The device in accordance with the present invention is desirable because it can be built and assembled in large quantities to effect cost savings and merely by changing the weight members on the governor assembly the integral mechanical governor can be applied to turbines, other prime movers, and other rotary devices operating at different speeds and under a variety of service conditions.

SUMMARY OF THE INVENTION

Thus the present invention covers an integral mechanical governor comprising, a housing forming a governor assembly chamber and a lubricant sump, with at least one open end and at least one closure member detachably connected to the housing at the open end thereof, means on the housing for connecting the mechanical governor into assembled position, an inboard bearing means in one end of the housing, a driven shaft rotatably mounted in said inboard bearing means and extending in the axial line of the inboard bearing means from the governor assembly chamber in said housing to the exterior of the housing, an outboard bearing means connected in the end of said housing means remote from the inboard bearing end, and a governor assembly in said governor assembly chamber in alignment with said inboard bearing and slidably disposed for movement in said outboard bearing, said governor assembly including, weight holder means fixedly connected and rotatable with said driven shaft on the end thereof in the governor assembly chamber, and lubrication means formed in said housing including, an oil ring rotatably mounted on the governor assembly and so disposed relative said lubricant sump that on rotation of said oil ring, lubricant will be thrown by the oil ring to the upper end of said governor assembly chamber for lubricating the governor assembly, and means for distributing said lubricant to said inboard and outboard bearings.

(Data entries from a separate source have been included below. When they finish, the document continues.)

Theorem theorem6p6 (R : realType) (Omega Lambda : Type)
    (FF : set (set Omega)) (rho : set Omega -> set Lambda) :
  countably_infinite Omega -> countably_infinite Lambda ->
  partition_regular FF rho ->
  ((forall Y : pseudoMetricType R, hausdorff_space Y ->
      (FinBW FF rho Y <-> compact [set: Y]))
   <-> FinBW_on FF rho [set x : R | 0 <= x <= 1]) /\
  (FinBW_on FF rho [set x : R | 0 <= x <= 1]
   <-> (forall A : Xset R -> set nat, almost_disjoint A ->
          ~ katetov_le (Fbar A) (rho01 A) FF rho)).
Proof.
move=> cO cL PR; split; split.
- move=> H; apply: finBW_unit_itv; apply/(H _ (@unit_itv_hausdorff R)).
  exact: unit_itv_compact.
- move=> bw Y hY; split; first exact: (finBW_compact cL PR).
  by move=> cY; apply: compact_finBW.
- by move=> bw A _; apply: finBW01_not_katetov.
- exact: not_katetov_finBW01.
Qed.
Lemma clip01_lipschitz y z : `|clip01 y - clip01 z| <= `|y - z|.
Proof.
have h1 := ler_norm (y - z); have h2 : z - y <= `|y - z| by rewrite distrC ler_norm.
rewrite /clip01.
by case: (ltP 1 y); case: (ltP y 0); case: (ltP 1 z); case: (ltP z 0) => *;
  rewrite ler_norml; apply/andP; split; lra.
Qed.

End Clip01.

Section HKDynamics.
Context {R : realType} {n m : nat} {eps b : R}.
Hypothesis m_gt0 : (0 < m)%N.
Hypothesis b01 : 0 <= b <= 1.
Hypothesis eps_gt0 : 0 < eps.

Local Notation avg := (hk_avg m eps b).
Local Notation traj := (hk_traj m eps b).
Local Notation neighbors x i := [set j : 'I_n | `|x j - x i| <= eps].

Lemma sum_stubborn (sb : bool) : \sum_(k < m | sb) b = if sb then m%:R * b else 0.
Proof.
case: sb; last by rewrite big_pred0.
by rewrite sumr_const card_ord mulr_natl.
Qed.

Lemma card_stubborn (sb : bool) : #|[set _ : 'I_m | sb]| = if sb then m else 0%N.
Proof.
rewrite card_set_pred; case: sb; last exact: eq_card0.
by rewrite -[RHS]card_ord; apply: eq_card.
Qed.

Lemma card_neighbors_gt0 (x : 'I_n -> R) i : (0 < #|neighbors x i|)%N.
Proof. by apply/card_gt0P; exists i; rewrite inE /= subrr normr0 ltW. Qed.

Lemma card_neighbors_le (x : 'I_n -> R) i : (#|neighbors x i| <= n)%N.
Proof. by rewrite -[X in (_ <= X)%N]card_ord max_card. Qed.

Lemma hk_avgE (x : 'I_n -> R) i : let sb := `|b - x i| <= eps in
  avg x i = (\sum_(j < n | `|x j - x i| <= eps) x j + (if sb then m%:R * b else 0))
            / (#|neighbors x i| + (if sb then m else 0))%:R.
Proof. by rewrite /hk_avg sum_stubborn card_stubborn. Qed.
(** * A small expression language compiled to codes *)

(* Variables are de Bruijn indices into an environment; [Iter] binds the
   accumulator (index 0) and the step counter (index 1), [ExLt] its witness. *)
Inductive expr : Type :=
| Var (k : nat) | Const (n : nat) | Succ (e : expr) | Pred (e : expr)
| Pair (a b : expr) | Fst (e : expr) | Snd (e : expr)
| IfZero (c a b : expr) | Iter (count init step : expr) | ExLt (bound body : expr)
| Let (a body : expr).

Fixpoint iter_idx (n i : nat) (s : nat -> nat -> nat) : nat :=
  match n with 0 => i | S m => s m (iter_idx m i s) end.

Fixpoint any_below (n : nat) (f : nat -> nat) : nat :=
  match n with
  | 0 => 0
  | S m => match any_below m f with
           | 0 => match f m with 0 => 0 | _ => 1 end
           | _ => 1
           end
  end.

Fixpoint eval_expr (e : expr) (env : list nat) : nat :=
  match e with
  | Var k => nth k env 0
  | Const n => n
  | Succ e => S (eval_expr e env)
  | Pred e => pred (eval_expr e env)
  | Pair a b => cpair (eval_expr a env) (eval_expr b env)
  | Fst e => cfst (eval_expr e env)
  | Snd e => csnd (eval_expr e env)
  | IfZero c a b => match eval_expr c env with 0 => eval_expr a env | _ => eval_expr b env end
  | Iter n i s => iter_idx (eval_expr n env) (eval_expr i env) (fun m r => eval_expr s (r :: m :: env))
  | ExLt n body => any_below (eval_expr n env) (fun m => eval_expr body (m :: env))
  | Let a body => eval_expr body (eval_expr a env :: env)
  end.

(* Environments are passed to compiled code as right-nested pairs. *)
Fixpoint encode_env (l : list nat) : nat :=
  match l with [] => 0 | v :: l => cpair v (encode_env l) end.

Fixpoint const_code (n : nat) : code :=
  match n with 0 => CZero | S m => CComp CSucc (const_code m) end.

Fixpoint env_proj_code (k : nat) : code :=
  match k with 0 => CProj1 | S k => CComp (env_proj_code k) CProj2 end.

Definition id_code := CPair CProj1 CProj2.
Definition pred_code := CComp (CPrim CZero (CComp CProj1 CProj2)) (CPair CZero id_code).
Definition or_step_code :=
  CComp (CPrim (CComp (CPrim CZero (CComp (CComp CSucc CZero) CProj1)) (CPair id_code CProj2))
               (CComp (CComp CSucc CZero) CProj1))
        (CPair id_code CProj1).

(* [IfZero], [Iter] and [ExLt] all become primitive recursions over the value
   of the condition, count or bound, paired with the environment. *)
Fixpoint compile (e : expr) : code :=
  match e with
  | Var k => env_proj_code k
  | Const n => const_code n
  | Succ e => CComp CSucc (compile e)
  | Pred e => CComp pred_code (compile e)
  | Pair a b => CPair (compile a) (compile b)
  | Fst e => CComp CProj1 (compile e)
  | Snd e => CComp CProj2 (compile e)
  | IfZero c a b =>
      CComp (CPrim (compile a) (CComp (compile b) CProj1)) (CPair id_code (compile c))
  | Iter n i s =>
      CComp (CPrim (compile i)
                   (CComp (compile s)
                          (CPair (CComp CProj2 CProj2) (CPair (CComp CProj1 CProj2) CProj1))))
            (CPair id_code (compile n))
  | ExLt n body =>
      CComp (CPrim CZero
                   (CComp or_step_code
                          (CPair (CComp CProj2 CProj2)
                                 (CComp (compile body) (CPair (CComp CProj1 CProj2) CProj1)))))
            (CPair id_code (compile n))
  | Let a body => CComp (compile body) (CPair (compile a) id_code)
  end.

Lemma den_id_code x : den id_code x = x.
Proof. apply cpair_cfst_csnd. Qed.

Lemma den_const_code n x : den (const_code n) x = n.
Proof. induction n; simpl; auto. Qed.

Lemma den_env_proj_code k l : den (env_proj_code k) (encode_env l) = nth k l 0.
Proof.
  revert l; induction k as [|k IHk]; intros [|v l]; simpl; cpair_simpl; auto.
  specialize (IHk []). destruct k; exact IHk.
Qed.

Lemma den_pred_code x : den pred_code x = pred x.
Proof. unfold pred_code; simpl; cpair_simpl. destruct x; simpl; now cpair_simpl. Qed.

Lemma den_or_step_code r v :
  den or_step_code (cpair r v) = match r, v with 0, 0 => 0 | _, _ => 1 end.
Proof. unfold or_step_code. simpl; cpair_simpl. destruct r, v; simpl; now cpair_simpl. Qed.

Lemma mu_free_helper_codes : mu_free id_code /\ mu_free pred_code /\ mu_free or_step_code.
Proof. simpl; tauto. Qed.

Global Opaque id_code pred_code or_step_code.

Lemma compile_correct e l : den (compile e) (encode_env l) = eval_expr e l.
Proof.
  revert l; induction e as [k|n|e IHe|e IHe|a IHa b IHb|e IHe|e IHe|c IHc a IHa b IHb
                            |n IHn i IHi s IHs|n IHn body IHbody|a IHa body IHbody];
    intro l; simpl; rewrite ?den_id_code; cpair_simpl.
  - apply den_env_proj_code.
  - apply den_const_code.
  - now rewrite IHe.
  - now rewrite den_pred_code, IHe.
  - now rewrite IHa, IHb.
  - now rewrite IHe.
  - now rewrite IHe.
  - rewrite IHc. destruct (eval_expr c l); simpl; cpair_simpl; auto.
  - rewrite IHn. induction (eval_expr n l) as [|m IHm]; simpl; auto.
    cpair_simpl. rewrite IHm. exact (IHs (_ :: m :: l)).
  - rewrite IHn. induction (eval_expr n l) as [|m IHm]; simpl; auto.
    cpair_simpl. rewrite IHm, den_or_step_code.
    change (cpair m (encode_env l)) with (encode_env (m :: l)). now rewrite IHbody.
  - change (cpair (den (compile a) (encode_env l)) (encode_env l))
      with (encode_env (den (compile a) (encode_env l) :: l)).
    now rewrite IHbody, IHa.
Qed.

Lemma mu_free_const_code n : mu_free (const_code n).
Proof. induction n; simpl; auto. Qed.

Lemma mu_free_compile e : mu_free (compile e).
Proof.
  pose proof mu_free_helper_codes. pose proof mu_free_const_code.
  assert (forall k, mu_free (env_proj_code k)) by (induction k; simpl; auto).
  induction e; simpl; auto; tauto.
Qed.
(* Multiplicativity: u_A * u_B = u_(A :|: B), and A :|: B \subset S iff both
   A and B are. *)
Lemma evM x y S : ev (mulR x y) S = ev x S * ev y S.
Proof.
rewrite /ev /mulR.
transitivity (\sum_(A : idx) \sum_(B : idx) if A :|: B \subset S then x A * y B else 0).
  under eq_bigr do rewrite ffunE.
  rewrite exchange_big /=; apply: eq_bigr => A _.
  under eq_bigr do rewrite big_mkcond /=.
  rewrite exchange_big /=; apply: eq_bigr => B _.
  rewrite -big_mkcondr /=; case: ifP => ABS.
    rewrite (big_pred1 (A :|: B)) // => D /=; rewrite [A :|: B == D]eq_sym.
    by case: eqP => [->|]; rewrite ?ABS ?andbF.
  by rewrite big_pred0 // => D; case: eqP => [<-|]; rewrite ?ABS ?andbF.
rewrite big_distrl /= [RHS]big_mkcond /=; apply: eq_bigr => A _.
case AS: (A \subset S); last by rewrite big1 // => B _; rewrite subUset AS.
rewrite big_distrr /= [RHS]big_mkcond /=; apply: eq_bigr => B _.
by rewrite subUset AS.
Qed.

Lemma ev_eta T S : ev (eta T) S = (T == S)%:R.
Proof.
rewrite /eta (big_morph (ev^~ S) (fun x y => evM x y S) (ev1 S)).
have ev_factor j : ev (if j \in T then uR j else oneR - uR j) S
                   = ((j \in T) == (j \in S))%:R.
  by case: (j \in T); rewrite ?evD ?evN ?ev1 evU; case: (j \in S); rewrite ?subrr ?subr0.
under eq_bigr do rewrite ev_factor.
have [<-|/eqP TS] := T =P S; first by rewrite big1 // => j _; rewrite eqxx.
have [j Tj] : exists j, (j \in T) != (j \in S).
  apply/existsP; apply: contraR TS; rewrite negb_exists => /forallP TS.
  by apply/eqP/setP => j; apply/eqP; rewrite -[_ == _]negbK TS.
by rewrite (bigD1 j) //= (negbTE Tj) mul0r.
Qed.

(* The evaluations separate points: the coefficient x A is recovered from
   ev x A by Moebius inversion, here by strong induction on #|A|. *)
Lemma ev_inj x y : (forall S, ev x S = ev y S) -> x = y.
Proof.
move=> exy; apply/ffunP.
suff coef_eq m (A : idx) : (#|A| < m)%N -> x A = y A by move=> A; apply: (coef_eq _ A).
elim: m A => // m IHm A Am.
have := exy A; rewrite /ev (bigD1 A) //= [in RHS](bigD1 A) //=.
rewrite (eq_bigr (fun B => y B)); first by move/addIr.
move=> B /andP[BA BnA]; apply: IHm.
have BpA : B \proper A by rewrite properEneq BnA BA.
exact: leq_trans (proper_card BpA) Am.
Qed.

Lemma ev_neq (x y : R) : (x != y) = [exists S, ev x S != ev y S].
Proof.
apply/idP/existsP => [xy | [S]]; last by apply: contra => /eqP ->.
apply/existsP; apply: contraR xy; rewrite negb_exists => /forallP exy.
by apply/eqP/ev_inj => S; apply/eqP; rewrite -[_ == _]negbK exy.
Qed.

Definition comps n (x : vecR n) : {ffun idx -> vecZ n} :=
  [ffun T => [ffun i => ev (x i) T]].

Lemma ev_decomp n (y : {ffun idx -> vecZ n}) i S : ev (decomp y i) S = y S i.
Proof.
rewrite ffunE ev_sum.
under eq_bigr do rewrite evM evC ev_eta mulr_natr mulrb.
by rewrite -big_mkcond big_pred1_eq.
Qed.

Lemma decomp_comps n (x : vecR n) : decomp (comps x) = x.
Proof. by apply/ffunP => i; apply: ev_inj => S; rewrite ev_decomp !ffunE. Qed.

Lemma componentE n (x : vecR n) T : component x T = comps x T.
Proof.
rewrite /component; case: pickP => [y /eqP <- | no_decomp] /=.
  by apply/ffunP => i; rewrite -ev_decomp !ffunE.
by have := no_decomp (comps x); rewrite decomp_comps eqxx.
Qed.

Lemma comp_codeE n (C : {set vecR n}) T : comp_code C T = [set comps x T | x in C].
Proof. by apply: eq_imset => x; rewrite componentE. Qed.

Lemma comps_inj n : injective (@comps n).
Proof.
move=> x y exy; apply/ffunP => i; apply: ev_inj => S.
by have := congr1 (fun f : {ffun idx -> vecZ n} => f S i) exy; rewrite !ffunE.
Qed.

Lemma ev_mul_eta T u S : ev (mulR (eta T) u) S = (T == S)%:R * ev u S.
Proof. by rewrite evM ev_eta. Qed.

Lemma comps_smul_eta n T (x : vecR n) S i :
  comps (smul (eta T) x) S i = (T == S)%:R * comps x S i.
Proof. by rewrite !ffunE ev_mul_eta. Qed.

Lemma hdist_smul_eta n T (x y : vecR n) :
  hdist (smul (eta T) x) (smul (eta T) y) = hdist (comps x T) (comps y T).
Proof.
apply: eq_card => i; rewrite !inE ev_neq !ffunE.
apply/existsP/idP => [[S] | xyT]; last by exists T; rewrite !ev_mul_eta eqxx !mul1r.
by rewrite !ev_mul_eta; case: (T =P S) => [<-|]; rewrite ?mul1r ?mul0r ?eqxx.
Qed.

Lemma bigmin_ub (I : finType) (P : pred I) (F : I -> nat) m i :
  P i -> (\big[minn/m]_(j | P j) F j <= F i)%N.
Proof.
move=> Pi; have : i \in index_enum I by rewrite mem_index_enum.
elim: (index_enum I) => //= j r IHr; rewrite inE big_cons => /orP[/eqP<- | ir].
  by rewrite Pi geq_min leqnn.
by case: ifP => _; rewrite ?geq_min IHr ?orbT.
Qed.

Section HammingDistance.
Variables (A : finType) (n : nat).
Implicit Types (D : {set {ffun 'I_n -> A}}) (x y : {ffun 'I_n -> A}).
Local Open Scope nat_scope.

Lemma dmin_le D : dmin D <= n.+1.
Proof. by rewrite /dmin; elim/big_rec: _ => // i v _ h; rewrite geq_min h orbT. Qed.

Lemma dmin_ub D x y : x \in D -> y \in D -> y != x -> dmin D <= hdist x y.
Proof.
move=> xD yD yx; rewrite /dmin; apply: leq_trans (bigmin_ub _ _ xD) _.
by apply: bigmin_ub; rewrite yD.
Qed.

Lemma dmin_lb D m :
  (forall x y, x \in D -> y \in D -> y != x -> m <= hdist x y) ->
  m <= n.+1 -> m <= dmin D.
Proof.
move=> Dm mn; rewrite /dmin; elim/big_ind: _ => // [a b|x xD].
  by rewrite leq_min => -> ->.
elim/big_ind: _ => // [a b|y /andP[yD yx]]; last exact: Dm.
by rewrite leq_min => -> ->.
Qed.

Lemma hdist_gt0 x y : y != x -> 0 < hdist x y.
Proof.
move=> yx; rewrite card_gt0; apply/set0Pn.
have [i xyi] : exists i, x i != y i.
  apply/existsP; apply: contraR yx; rewrite negb_exists => /forallP xy.
  by apply/eqP/ffunP => i; apply/esym/eqP; rewrite -[_ == _]negbK xy.
by exists i; rewrite inE.
Qed.

Lemma hdist_prefix k (kn : k <= n) x y :
  (forall i : 'I_k, x (widen_ord kn i) = y (widen_ord kn i)) ->
  hdist x y <= n - k.
Proof.
move=> xy; set P := widen_ord kn @: [set: 'I_k].
have cardP : #|P| = k.
  rewrite card_imset ?cardsT ?card_ord // => i j.
  by move/(congr1 val) => /= /val_inj.
apply: (@leq_trans #|~: P|).
  apply: subset_leq_card; apply/subsetP => j; rewrite !inE; apply: contra.
  by case/imsetP => i _ ->; rewrite xy.
by rewrite -(addKn k #|~: P|) -cardP cardsC card_ord.
Qed.

(* If distinct words are at distance > n - k, the restriction to the first k
   coordinates is injective, so there are at most |A|^k words. *)
Lemma card_le_prefix D k : k <= n ->
  (forall x y, x \in D -> y \in D -> y != x -> n - k < hdist x y) ->
  #|D| <= #|A| ^ k.
Proof.
move=> kn far; pose restr x : {ffun 'I_k -> A} := [ffun i => x (widen_ord kn i)].
rewrite -[k in _ ^ k]card_ord -card_ffun; apply: (@leq_card_in _ _ restr).
move=> x y xD yD exy; apply/eqP; apply: contraT => xy.
have := far _ _ xD yD; rewrite eq_sym => /(_ xy); rewrite ltnNge hdist_prefix //.
by move=> i; have := congr1 (fun f : {ffun 'I_k -> A} => f i) exy; rewrite !ffunE.
Qed.

Lemma singleton_bound D : #|D| <= #|A| ^ (n.+1 - dmin D).
Proof.
have d_gt0 : 0 < dmin D by apply: dmin_lb => // x y _ _; apply: hdist_gt0.
have d_le := dmin_le D.
apply: card_le_prefix => [|x y xD yD yx]; first by lia.
by have := dmin_ub xD yD yx; lia.
Qed.

End HammingDistance.

Section ComponentCodes.
Variables (n : nat) (C : {set vecR n}).
Hypothesis linC : linear_code C.

Lemma code_sum (I : finType) (g : I -> vecR n) : (forall i, g i \in C) -> \sum_i g i \in C.
Proof. by case: linC => C0 CD _ gC; elim/big_ind: _ => // a b; apply: CD. Qed.

(* (1) eta_T * C is a subcode of C whose distances are those of C_T. *)
Lemma dmin_code_le_comp T : (dmin C <= dmin (comp_code C T))%N.
Proof.
case: linC => _ _ CZ; apply: dmin_lb; last exact: dmin_le.
move=> a b; rewrite comp_codeE => /imsetP[x xC ->] /imsetP[y yC ->] ba.
rewrite -hdist_smul_eta; apply: dmin_ub; rewrite ?CZ //.
apply: contra ba => /eqP e; apply/eqP/ffunP => i.
by have := congr1 (fun z : vecR n => comps z T i) e; rewrite !comps_smul_eta eqxx !mul1r.
Qed.

(* (2) Distinct codewords differ in some component. *)
Lemma dmin_code_ge e : (forall T, e <= dmin (comp_code C T))%N -> (e <= n.+1)%N ->
  (e <= dmin C)%N.
Proof.
move=> eT en; apply: dmin_lb => // x y xC yC yx.
have [T xyT] : exists T, comps x T != comps y T.
  apply/existsP; apply: contraR yx; rewrite negb_exists => /forallP xy.
  by apply/eqP/esym/comps_inj/ffunP => T; apply/eqP; rewrite -[_ == _]negbK xy.
have dT : (dmin (comp_code C T) <= hdist (comps x T) (comps y T))%N.
  by apply: dmin_ub; rewrite ?comp_codeE; [exact: imset_f | exact: imset_f | rewrite eq_sym].
apply: leq_trans (eT T) (leq_trans dT _).
apply: subset_leq_card; apply/subsetP => i; rewrite !inE.
by apply: contra => /eqP xyi; rewrite !ffunE xyi.
Qed.
(* Let $G\in\mathcal{C}$ and let $C$ be a minimal separator of $G$ that is not a clique. Then $G\setminus C$ has exactly two full components for $C$.
   Context: All graphs are finite and simple; paths are induced paths; a hole is an induced cycle of length at least four. $\mathcal{C}$ is the class of graphs containing no theta, pyramid, prism or turtle as an induced subgraph, where: a theta consists of two nonadjacent vertices $a,b$ and three paths from $a$ to $b$, otherwise vertex-disjoint, any two of which induce a hole; a pyramid consists of a vertex $a$, a triangle $\{b_1,b_2,b_3\}$ and paths $P_i$ from $a$ to $b_i$, pairwise disjoint except at $a$, any two of which induce a hole; a prism consists of two disjoint triangles $\{a_1,a_2,a_3\},\{b_1,b_2,b_3\}$ and pairwise disjoint paths $P_i$ from $a_i$ to $b_i$, any two of which induce a hole; a turtle consists of disjoint paths $P_1$ (from $a_1$ to $b_1$), $P_2$ (from $a_2$ to $b_2$) with $a_1a_2,b_1b_2$ edges and $V(P_1)\cup V(P_2)$ inducing a hole, plus adjacent vertices $x,y$ where $x$ has at least three neighbors in $P_1$ and none in $P_2$, and $y$ has at least three neighbors in $P_2$ and none in $P_1$. A set $C\subseteq V(G)$ is a minimal separator of $G$ if there are two distinct connected components $L,R$ of $G\setminus C$ with $N(L)=N(R)=C$, where $N(X)$ is the set of vertices outside $X$ with a neighbor in $X$. A connected component $D$ of $G\setminus C$ is a full component for $C$ if $N(D)=C$. *)

(* A finite simple graph is a symmetric irreflexive relation
   g : rel T on a finType T (the hypotheses are stated in the theorem). *)
From mathcomp Require Import all_boot.
Set Implicit Arguments.
Unset Strict Implicit.
Unset Printing Implicit Defensive.

Section Graphs.
Variables (T : finType) (g : rel T).

Definition V (p : seq T) : {set T} := [set x in p].

Definition ipath (p : seq T) : Prop :=
  uniq p /\
  forall (x0 : T) (i j : nat), i < size p -> j < size p ->
    g (nth x0 p i) (nth x0 p j) = (i == j.+1) || (j == i.+1).

Definition path_from (a b : T) (p : seq T) : Prop :=
  ipath p /\ p != [::] /\ head a p = a /\ last a p = b.

Definition hole (c : seq T) : Prop :=
  uniq c /\ 4 <= size c /\
  forall (x0 : T) (i j : nat), i < size c -> j < size c ->
    g (nth x0 c i) (nth x0 c j) =
      (i == j.+1 %% size c) || (j == i.+1 %% size c).

Definition induces_hole (S : {set T}) : Prop :=
  exists c, hole c /\ V c = S.

Definition has_theta : Prop :=
  exists (a b : T) (P1 P2 P3 : seq T),
    a != b /\ ~~ g a b /\
    path_from a b P1 /\ path_from a b P2 /\ path_from a b P3 /\
    V P1 :&: V P2 = [set a; b] /\ V P1 :&: V P3 = [set a; b] /\
    V P2 :&: V P3 = [set a; b] /\
    induces_hole (V P1 :|: V P2) /\ induces_hole (V P1 :|: V P3) /\
    induces_hole (V P2 :|: V P3).

Definition has_pyramid : Prop :=
  exists (a b1 b2 b3 : T) (P1 P2 P3 : seq T),
    g b1 b2 /\ g b2 b3 /\ g b1 b3 /\
    path_from a b1 P1 /\ path_from a b2 P2 /\ path_from a b3 P3 /\
    V P1 :&: V P2 = [set a] /\ V P1 :&: V P3 = [set a] /\
    V P2 :&: V P3 = [set a] /\
    induces_hole (V P1 :|: V P2) /\ induces_hole (V P1 :|: V P3) /\
    induces_hole (V P2 :|: V P3).

Definition has_prism : Prop :=
  exists (a1 a2 a3 b1 b2 b3 : T) (P1 P2 P3 : seq T),
    g a1 a2 /\ g a2 a3 /\ g a1 a3 /\
    g b1 b2 /\ g b2 b3 /\ g b1 b3 /\
    [set a1; a2; a3] :&: [set b1; b2; b3] = set0 /\
    path_from a1 b1 P1 /\ path_from a2 b2 P2 /\ path_from a3 b3 P3 /\
    [disjoint V P1 & V P2] /\ [disjoint V P1 & V P3] /\
    [disjoint V P2 & V P3] /\
    induces_hole (V P1 :|: V P2) /\ induces_hole (V P1 :|: V P3) /\
    induces_hole (V P2 :|: V P3).

Definition has_turtle : Prop :=
  exists (a1 b1 a2 b2 x y : T) (P1 P2 : seq T),
    path_from a1 b1 P1 /\ path_from a2 b2 P2 /\
    [disjoint V P1 & V P2] /\ g a1 a2 /\ g b1 b2 /\
    induces_hole (V P1 :|: V P2) /\
    x \notin V P1 :|: V P2 /\ y \notin V P1 :|: V P2 /\ g x y /\
    3 <= #|[set v in V P1 | g x v]| /\ [set v in V P2 | g x v] = set0 /\
    3 <= #|[set v in V P2 | g y v]| /\ [set v in V P1 | g y v] = set0.

Definition in_class_C : Prop :=
  ~ has_theta /\ ~ has_pyramid /\ ~ has_prism /\ ~ has_turtle.

Definition nbh (X : {set T}) : {set T} :=
  [set v | (v \notin X) && [exists u in X, g u v]].

Definition rel_minus (C : {set T}) : rel T :=
  [rel x y | g x y && (x \notin C) && (y \notin C)].

Definition is_component (C D : {set T}) : Prop :=
  exists v, v \notin C /\ D = [set u | connect (rel_minus C) v u].

Definition is_full_component (C D : {set T}) : Prop :=
  is_component C D /\ nbh D = C.

Definition minimal_separator (C : {set T}) : Prop :=
  exists L R : {set T}, L != R /\ is_component C L /\ is_component C R /\
    nbh L = C /\ nbh R = C.

Definition clique (C : {set T}) : Prop :=
  forall x y, x \in C -> y \in C -> x != y -> g x y.

End Graphs.

(* C is a minimal separator, so it has two distinct full components L
   and R, and it suffices to show that there is no third one D.  Pick two
   nonadjacent vertices x, y of C.  For every full component D, a shortest
   walk from x to y through D is an induced path x - A - y whose interior A
   is a nonempty subset of D.  Two such paths through distinct components
   meet only in {x, y} and have no edges between their interiors, so their
   union is a hole.  Three full components would therefore give a theta with
   ends x and y, which graphs in C do not contain. *)

From mathcomp Require Import all_boot.
From Stdlib Require Import Classical Wf_nat.
Set Implicit Arguments.
Unset Strict Implicit.
Unset Printing Implicit Defensive.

Additionally, removable filter means on said means for distributing lubricant to said inboard and outboard bearings.

Accordingly, it is the object of the present invention to provide an improved integral mechanical governor for controlling the speed of prime movers.

It is another object of the present invention to provide an integral mechanical governor which has an independent lubrication system thereon.

Other objects and advantages of the invention including the basic design and the nature of the improvements thereon will appear from the following description taken in conjunction with the accompanying drawings in which:

FIG. 1 is a side view partly broken away of a steam turbine on which an integral mechanical governor in accordance with the present invention is installed.

FIG. 2 is a right side view of the integral mechanical governor shown in FIG. 1.

FIG. 3 is an outboard bearing end view of the mechanical governor shown in FIG. 1.

FIG. 4 is an inboard bearing end view of the mechanical governor shown in FIG. 1 and

FIG. 5 is a top plan view of the mechanical governor shown in FIG. 1.

FIG. 6 is a vertical section taken on line 6--6 of FIG. 3 with the associated lever arms and connecting members in side elevation.

FIG. 7 is a cross section taken on line 7--7 of FIG. 6, showing the inlet end of the passage means for delivering lubricant to the inboard bearing means.

FIG. 8 is a cross section taken on line 8--8 of FIG. 6 showing the transfer member for passing lubricant to the governor assembly and outboard bearing means.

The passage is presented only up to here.